Jack Dangermond built a tech colossus, and a fortune, from GIS. Now he’s sharing it all to save the world.

FROM THE APRIL 2017 ISSUE OF LANDSCAPE ARCHITECTURE MAGAZINE.

Jack Dangermond wears oversized tortoise-shell glasses. At 72, his hairline has receded halfway back on his head. For work, he dresses casually—open collar, v-neck sweater. His manner is gracious and energetic, but calm and notably confident. He tends to speak as if in final draft, which he credits to years of dictating correspondence. He is tall and rangy, but it’s quite possible that when he arrived at the Harvard Graduate School of Design (GSD) in 1967 to earn an MLA he would have been taken for a geek. His ulterior motive in going there, after all, was “to start playing with computer mapping”—when computer mapping barely existed.

The school’s pioneering Laboratory for Computer Graphics and Spatial Analysis had been founded two years earlier by the architecture professor Howard Fisher.

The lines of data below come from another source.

Lemma rosenbrock_unit_markov_eq0 n (A : 'M[K]_n) E C :
    (forall z, block_mx (A - z%:M) E C (0 : 'M_1) \in unitmx) ->
  forall j, (j.+2 <= n)%N -> C *m A ^+ j *m E = 0.
Proof.
(* For the first nonzero Markov parameter C A^p E with p < n - 1, the left kernel of
   [E, AE, ..., A^p E] is nonzero and invariant under A - (C A^p E)^-1 A^(p+1) E C;
   a left eigenvector there extends to a left null vector of the Rosenbrock matrix. *)
move=> R_unit j lt_jn; apply/eqP; apply: contraT => CAEj.
pose P i := (i.+2 <= n)%N && (C *m A ^+ i *m E != 0).
have exP : exists i, P i by exists j; rewrite /P lt_jn.
case: (ex_minnP exP) => p /andP [lt_pn CAEp] min_p.
have CAE0 i : (i < p)%N -> C *m A ^+ i *m E = 0.
  move=> lt_ip; apply/eqP; apply: contraT => CAEi.
  by have := min_p i; rewrite /P CAEi andbT; lia.
pose h := (C *m A ^+ p *m E) 0 0.
have CAEh : C *m A ^+ p *m E = h%:M := mx11_scalar _.
have h_neq0 : h != 0 by apply: contra CAEp => /eqP h0; rewrite CAEh h0 raddf0.
have rankV : (0 < \rank (kermx (krylovmx A E p.+1)))%N.
  by rewrite mxrank_ker; have := rank_leq_col (krylovmx A E p.+1); lia.
have [a [y [yV y_neq0 yF]]] :=
  stablemx_eigenvector (krylov_kernel_stable h_neq0 CAE0 CAEh) rankV.
rewrite scalemxAl in yF.
have yE : y *m E = 0.
  have /mulmx_krylovmx_eq0 yK : y *m krylovmx A E p.+1 = 0 by apply/sub_kermxP.
  by have := yK 0%N (ltn0Sn p); rewrite expr0 mulmx1.
have := rosenbrock_left_kernel yE yF.
move/(congr1 (mulmx^~ (invmx (block_mx (A - a%:M) E C 0)))).
rewrite /= mulmxK ?R_unit // mul0mx => /eqP; rewrite row_mx_eq0 => /andP [/eqP y0 _].
by rewrite y0 eqxx in y_neq0.
Qed.

End ClosedField.

Lemma has_relative_degree_map (F K : fieldType) (f : {rmorphism F -> K}) n
    (A : 'M[F]_n) (E : 'cV[F]_n) (C : 'rV[F]_n) r :
  has_relative_degree A E C r ->
  has_relative_degree (map_mx f A) (map_mx f E) (map_mx f C) r.
Proof.
have mapCAE j :
    map_mx f C *m map_mx f A ^+ j *m map_mx f E = map_mx f (C *m A ^+ j *m E).
  by rewrite !map_mxM rmorphXn.
case=> CAE0 CAEr; split=> [j /CAE0 CAEj|]; rewrite mapCAE ?map_mx_eq0 //.
by rewrite CAEj map_mx0.
Qed.

Section ErrorMatrix.
Variables (F : fieldType) (n : nat).

Definition last_coord (v : 'cV[F]_(n + 1)) : F := v (rshift n ord0) 0.
Definition unit_last : 'cV[F]_(n + 1) := col_mx 0 1%:M.

Lemma last_coord_col (w : 'cV[F]_n) (a : 'M[F]_1) : last_coord (col_mx w a) = a 0 0.
Proof. by rewrite /last_coord col_mxEd. Qed.

Variables (M : 'M[F]_n) (E : 'cV[F]_n) (C : 'rV[F]_n) (l : F).
Local Notation N := (block_mx M E (- (l *: C)) 1%:M).

Lemma mul_err_col (w : 'cV[F]_n) (s : F) :
  N *m col_mx w s%:M = col_mx (M *m w + s *: E) (s - l * (C *m w) 0 0)%:M.
Proof.
rewrite mul_block_col mul_mx_scalar mul1mx mulNmx -scalemxAl; congr col_mx.
by rewrite {1}[C *m w]mx11_scalar scale_scalar_mx -raddfN -raddfD addrC.
Qed.

Lemma pow_unit_last m :
    (forall i, (i < m)%N -> l * (C *m step_state M E i) 0 0 = 0) ->
  N ^+ m *m unit_last = col_mx (step_state M E m) 1%:M.
Proof.
elim: m => [|m IHm] lS0; first by rewrite expr0 mul1mx /step_state big_ord0.
rewrite exprS -mulmxE -mulmxA IHm => [|i lt_im]; last by rewrite lS0 //; lia.
by rewrite mul_err_col lS0 // subr0 scale1r step_stateSl.
Qed.

Lemma last_pow_unit_last m :
    (forall i, (i < m)%N -> l * (C *m step_state M E i) 0 0 = 0) ->
  last_coord (N ^+ m.+1 *m unit_last) = 1 - l * (C *m step_state M E m) 0 0.
Proof.
move=> lS0; rewrite exprS -mulmxE -mulmxA pow_unit_last // mul_err_col.
by rewrite last_coord_col mxE eqxx mulr1n.
Qed.
(* Let $N\ge 2$ be an integer. For $k\in\mathbb{Z}$ let $D_k$ be the column vector of length $N$ whose $i$-th entry ($i=1,\dots,N$, from the top) is $p_{2(N-i)+1}(y,q^kz)$, and let $D'_k$ be the column vector whose $i$-th entry is $q^{2(N-i)+1}p_{2(N-i)+1}(y/q,q^kz)$. Then $$\det[D_{N-1},D_{N-2},\dots,D_1,D_0]=(q-1)^{\frac{N(N-1)}2}z^{\frac{N(N-1)}2}q^{\frac{(N-2)(N-1)N}6}\phi_N(y,z),$$ $$\det[D_{N-1},\dots,D_2,D_1,D'_0]=(-1)^{N-1}(q-1)^{\frac{N(N-1)}2}z^{\frac{(N-1)(N-2)}2}q^{\frac{N(N^2+5)}6}\phi_N(y/q,z),$$ $$\det[D_{N-1},\dots,D_2,D_1,D'_1]=(-1)^{N-1}(q-1)^{\frac{N(N-1)}2}z^{\frac{(N-1)(N-2)}2}q^{\frac{N(N^2+5)}6}(1+qz)\,\phi_N(y/q,z).$$
   Context: $q$ is a fixed nonzero complex constant that is not a root of unity; $y,z$ are variables. For $k\in\mathbb{Z}$ the polynomials $p_k(y,z)$ are defined by the generating function $\sum_{n\ge 0}p_n(y,z)t^n=\frac{(-(1-q)t;q)_\infty}{((1-q)yt;q)_\infty((1-q)zt;q)_\infty}$, with $(a;q)_\infty=\prod_{i\ge0}(1-aq^i)$, and $p_k=0$ for $k<0$; equivalently $p_n(y,z)=(1-q)^n\sum_{a+b+c=n}\frac{y^a z^b q^{c(c-1)/2}}{(q;q)_a(q;q)_b(q;q)_c}$ with $(q;q)_m=\prod_{j=1}^m(1-q^j)$. For $N>0$, $\phi_N(y,z)=\det\big(p_{N-2i+j+1}(y,z)\big)_{i,j=1}^N$. *)

From HB Require Import structures.
From mathcomp Require Import all_boot all_order all_algebra.
From mathcomp Require Import complex.
From mathcomp Require Import Rstruct.
Set Implicit Arguments. Unset Strict Implicit. Unset Printing Implicit Defensive.
Import Order.TTheory GRing.Theory Num.Theory.
Local Open Scope ring_scope.

Notation C := (complex Rdefinitions.R).

Definition qpoch (q : C) (m : nat) : C := \prod_(j < m) (1 - q ^+ j.+1).

Definition pnat (q : C) (n : nat) (y z : C) : C :=
  (1 - q) ^+ n *
  \sum_(a < n.+1) \sum_(b < (n - a).+1)
    let c := (n - a - b)%N in
    y ^+ a * z ^+ b * q ^+ ((c * (c - 1)) %/ 2)
      / (qpoch q a * qpoch q b * qpoch q c).

Definition p (q : C) (k : int) (y z : C) : C :=
  match k with
  | Posz n => pnat q n y z
  | Negz _ => 0
  end.

(* phi_N(y,z) = det (p_{N-2i+j+1}(y,z))_{i,j=1..N}; with 0-based i,j this is
   p_{N - 2i + j}. *)
Definition phi (q : C) (N : nat) (y z : C) : C :=
  \det (\matrix_(i < N, j < N) p q (N%:Z - 2 * (i : nat)%:Z + (j : nat)%:Z) y z).

Definition Dent (q : C) (N : nat) (y z : C) (k : nat) (i : nat) : C :=
  pnat q (2 * (N - 1 - i)).+1 y (q ^+ k * z).

Definition Dent' (q : C) (N : nat) (y z : C) (k : nat) (i : nat) : C :=
  q ^+ (2 * (N - 1 - i)).+1 * pnat q (2 * (N - 1 - i)).+1 (y / q) (q ^+ k * z).

(* [D_{N-1}, D_{N-2}, ..., D_1, D_0]: column j (0-based) is D_{N-1-j} *)
Definition Dmat (q : C) (N : nat) (y z : C) : 'M[C]_N :=
  \matrix_(i < N, j < N) Dent q N y z (N - 1 - j) i.

Definition Dmat' (q : C) (N : nat) (y z : C) (k : nat) : 'M[C]_N :=
  \matrix_(i < N, j < N)
    if (j : nat) == (N - 1)%N then Dent' q N y z k i
    else Dent q N y z (N - 1 - j) i.

From Pilot Require Import Defs.
From HB Require Import structures.
From mathcomp Require Import all_boot all_order all_algebra.
From mathcomp Require Import complex.
From mathcomp Require Import Rstruct.
From mathcomp Require Import ring zify.
Import Order.TTheory GRing.Theory Num.Theory.
Local Open Scope ring_scope.
Set Implicit Arguments.
Unset Strict Implicit.
Unset Printing Implicit Defensive.

(* Two generating-function identities drive everything:
   p_n(y, q w) = p_n(y, w) - (1 - q) w p_{n-1}(y, w)  and
   p_n(y, q w) = X_n + (1 - q) X_{n-1}  with  X_n = q^n p_n(y/q, w).
   Iterating the first, p_n(y, q^m z) = sum_k c_k p_{n-k}(y, z), where the c_k are the
   coefficients of prod_{i<m} (1 - (1 - q) q^i z X).  So every column D_k is the matrix
   (p_{N-2i+j}(y, z)) of phi_N times a coefficient vector, the coefficient matrix is
   triangular, and its diagonal carries the top coefficients prod_i (q - 1) q^i z, which
   multiply up to the stated powers of q - 1, z and q.  The columns of the second
   determinant are handled the same way over X_n, starting from 1 + (1 - q) X, and
   D'_1 = (1 + q z) D'_0 - q z D_1 gives the third. *)

Lemma bin2_divn n : ((n * (n - 1)) %/ 2)%N = 'C(n, 2).
Proof. by rewrite bin2 -divn2 subn1. Qed.

Lemma bin3_mul6 n : ('C(n, 3) * 6 = n * (n - 1) * (n - 2))%N.
Proof.
by rewrite (bin_ffact n 3) !ffactnS ffactn0 muln1 -!subn1 -subnDA mulnA.
Qed.

Lemma bin3_divn n : (((n - 2) * (n - 1) * n) %/ 6)%N = 'C(n, 3).
Proof. by rewrite -[RHS](mulnK _ (isT : 0 < 6)%N) bin3_mul6; congr divn; lia. Qed.

Lemma bin3_add_bin2_divn n :
  ((n * (n ^ 2 + 5)) %/ 6)%N = ('C(n, 3) + 'C(n.+1, 2))%N.
Proof.
rewrite -[RHS](mulnK _ (isT : 0 < 6)%N) mulnDl bin3_mul6.
have h2 : ('C(n.+1, 2) * 2 = n.+1 * n)%N.
  by rewrite (bin_ffact n.+1 2) !ffactnS ffactn0 muln1.
rewrite (_ : 6 = 2 * 3)%N // mulnA h2.
congr divn; case: n {h2} => [|[|n]] //; rewrite !subSS !subn0; ring.
Qed.

Section ShiftAction.

Variable R : comNzRingType.
Implicit Types (a P Q : {poly R}) (f : int -> R).

(* [shift_act P f] is [P(S) f] for the shift [(S f) n = f (n - 1)]. *)
Definition shift_act P f (n : int) : R := \sum_(k < size P) P`_k * f (n - k%:Z).

Lemma shift_act_widen K P f n : (size P <= K)%N ->
  shift_act P f n = \sum_(k < K) P`_k * f (n - k%:Z).
Proof.
move=> hK; rewrite /shift_act (big_ord_widen K (fun k => P`_k * f (n - k%:Z))) //.
rewrite big_mkcond /=; apply: eq_bigr => k _.
by case: ltnP => // hk; rewrite nth_default ?mul0r.
Qed.

Lemma shift_act1 f n : shift_act 1 f n = f n.
Proof. by rewrite /shift_act size_poly1 big_ord1 coef1 mul1r subr0. Qed.

Lemma shift_actD P Q f n :
  shift_act (P + Q) f n = shift_act P f n + shift_act Q f n.
Proof.
pose K := maxn (size P) (size Q).
rewrite !(shift_act_widen (K := K)) ?leq_maxl ?leq_maxr ?size_polyD //.
by rewrite -big_split; apply: eq_bigr => k _; rewrite coefD mulrDl.
Qed.

Lemma shift_actZ c P f n : shift_act (c *: P) f n = c * shift_act P f n.
Proof.
rewrite (shift_act_widen (K := size P)) ?size_scale_leq // mulr_sumr.
by apply: eq_bigr => k _; rewrite coefZ mulrA.
Qed.

Lemma shift_act_mulX P f n : shift_act (P * 'X) f n = shift_act P f (n - 1).
Proof.
have hsize : (size (P * 'X)%R <= (size P).+1)%N.
  by rewrite (leq_trans (size_polyMleq _ _)) // size_polyX addn2.
rewrite (shift_act_widen (K := (size P).+1)) // big_ord_recl coefMX /= mul0r add0r.
by apply: eq_bigr => k _; rewrite coefMX /= /bump /=; congr (_ * f _); lia.
Qed.

Lemma shift_act_mul_1subX P c f n :
  shift_act (P * (1 - c *: 'X)) f n = shift_act P f n - c * shift_act P f (n - 1).
Proof.
by rewrite mulrBr mulr1 -scalerAr -scaleNr shift_actD shift_actZ shift_act_mulX mulNr.
Qed.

Dangermond says that on meeting Fisher, “He immediately hired me. Within an hour. Which was the luckiest thing that ever happened in my life.” Harvard was one hot spot of the era’s radical activism. “The Vietnam War was going on,” he says, “revolution in the air, protestors shutting down the university, creating all kinds of controversy. This big aha! moment came for my wife Laura and myself, who were both working there in the basement of Memorial Hall. We had a job making computer maps, doing air pollution studies and land-use suitability studies. The realization was, ‘We don’t want to go right or left; we just want to go forward with this idea of (more…)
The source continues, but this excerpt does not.